The water supply network plays a pivotal role in providing essential water resources to residents, industrial sectors, and public facilities. Within this network, the distribution segment holds a critical responsibility: to convey treated potable water to end-users while maintaining the requisite flow rate, pressure, and quality standards (Ostfeld & Salomons 2004). The water supply network is intrinsically complex, encompassing not only the conventional pipelines but also integrating valves, reservoir, and sophisticated hydraulic monitoring apparatuses (Günther et al. 2015). Effective pressure management, crucial for minimizing risks of pipeline bursts and ensuring consumer satisfaction, relies on strategies such as variable frequency pumps, zonal divisions, and real-time monitoring (Creaco et al. 2015). Accurate short-term pressure predictions enhance management efficiency and adaptability to fluctuating demands, promoting a robust and responsive network (Negharchi & Shafaghat 2022).

In the water supply network, predicting short-term pressure fluctuations is essential for efficient water supply management, impacting resource allocation and the detection of faults within the infrastructure. Due to user activities, pressure fluctuations in the water distribution network can be both long-term and short-term (Marsili et al. 2023; Mazzoni et al. 2024). The challenge intensifies during atypical usage patterns, like extreme weather events or holidays, where predictive model reliability is paramount (Bello et al. 2019). Advanced analytical approaches are necessary to maintain precision and effectiveness in short-term pressure forecasting, contributing significantly to the reliability, safety, and economic efficiency of urban water supply systems (Stańczyk et al. 2022).

Traditional hydraulic models rely on explicit mathematical equations, which often need to be simplified and assumed to make the calculations feasible. However, water supply networks are highly nonlinear and complex, involving numerous interactions and dynamic changes, posing significant challenges for traditional hydraulic models. Conversely, deep learning models take a data-driven approach, capturing complex nonlinear relationships within the data for learning and computation, without the need for explicit mathematical descriptions. Thanks to advancements in the Internet of Things (IoT), the speed and scope of information collection have significantly improved. Deep learning models can utilize vast amounts of historical data for training, predicting future outcomes by identifying and learning patterns and trends within the data. This capability makes them particularly effective in handling high-dimensional, large-scale datasets, extracting valuable information from historical operational data to predict future pressure. Although traditional hydraulic equations are theoretically robust and effective under specific conditions, deep learning offers more flexible and precise tools, particularly when dealing with complex and variable real-world applications.

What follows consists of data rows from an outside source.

Lemma limit_paths_linkage : linkage s t limit_paths.
Proof.
  split; [split; [split|]|].
  - intros p [n Hp]. exact (proj1 (stage_admissible n) p Hp).
  - apply limit_edge_disjoint.
    + intros n. destruct (stage_admissible n) as (_ & _ & Hnd & _).
      exact (NoDup_app_remove_r _ _ Hnd).
    + intros m n Hmn. apply stage_mono, Hmn.
  - intros e Hs. destruct (stage_handles e) as [n [Hn _]].
    destruct (proj1 (in_flat_map _ _ _) (Hn Hs)) as (p & Hp & Hep).
    exists p. split; [now exists n|exact Hep].
  - intros p [n Hp].
    destruct (st_path_starts_at s t p s_neq_t (proj1 (stage_admissible n) p Hp))
      as (g & es & Hes & Hg).
    exists g. rewrite Hes. split; [now left|exact Hg].
Qed.

Lemma limit_cycles_cycle c :
  limit_cycles c -> cycle c /\ forall e, In e (wedges c) -> ~ sys_edges limit_paths e.
Proof.
  intros Hc. pose proof Hc as [n Hn].
  split; [exact (proj1 (proj1 (proj2 (stage_admissible n)) c Hn))|].
  intros e Hec (p & Hp & Hep). exact (limit_paths_cycles_disjoint p c e Hp Hc Hep Hec).
Qed.

Lemma limit_cycles_edge_disjoint : edge_disjoint_family limit_cycles.
Proof.
  apply limit_edge_disjoint.
  - intros n. destruct (stage_admissible n) as (_ & _ & Hnd & _).
    exact (NoDup_app_remove_l _ _ Hnd).
  - intros m n Hmn. apply stage_mono, Hmn.
Qed.

Lemma limit_cycles_cover_t e :
  delta t e -> ~ sys_edges limit_paths e -> exists c, limit_cycles c /\ In e (wedges c).
Proof.
  intros Ht HeP. destruct (stage_handles e) as [n [_ Hn]].
  destruct (in_app_or _ _ _ (Hn Ht)) as [He|He];
    destruct (proj1 (in_flat_map _ _ _) He) as (w & Hw & Hew).
  - exfalso. apply HeP. exists w. split; [now exists n|exact Hew].
  - exists w. split; [now exists n|exact Hew].
Qed.

End Limit.
End Augmentation.

Theorem lemma6p2 (G : multigraph) (s t : vtx G) :
  s <> t ->
  inner_eulerian s t ->
  countable_edges G ->
  is_linked s t ->
  exists P : walk G -> Prop,
    linkage s t P /\
    exists C : walk G -> Prop,
      (forall c, C c -> cycle c /\
         forall e, In e (wedges c) -> ~ sys_edges P e) /\
      edge_disjoint_family C /\
      (forall e, delta t e -> ~ sys_edges P e ->
         exists c, C c /\ In e (wedges c)).
Proof.
  intros Hst Heul Hcount [P0 HP0].
  destruct (augment_sequence s t Hst Heul _ Hcount (admissible_initial s t P0 HP0))
    as (stage & Hadm & Hmono & Hhandled).
  exists (limit_paths stage). split.
  - exact (limit_paths_linkage s t Hst stage Hadm Hmono Hhandled).
  - exists (limit_cycles stage). split; [|split].
    + exact (limit_cycles_cycle s t stage Hadm Hmono).
    + exact (limit_cycles_edge_disjoint s t stage Hadm Hmono).
    + exact (limit_cycles_cover_t s t stage Hhandled).
Qed.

The traditional approach to analyzing time series data of pipeline states has predominantly been through statistical methods. Sinha & McKim (2007) employed a time-dependent Markov prediction model to forecast pipeline deterioration, facilitating more effective pipeline management. Francis et al. (2014) employed Bayesian belief networks in water supply network rupture prediction, aiming to predict or understand the rate of pipe rupture in a given potable water supply system, even when faced with potentially incomplete or imperfect data. Chen & Guikema (2020) discovered that locally weighted density scans are the most accurate method for identifying areas of high breakage. This application allows statistical prediction models to more accurately prioritize high-risk pipelines, thereby enhancing their performance. Młyński et al. (2021) regard the Colwell indexes as a reliable tool for evaluating the seasonality of water pipeline failure events.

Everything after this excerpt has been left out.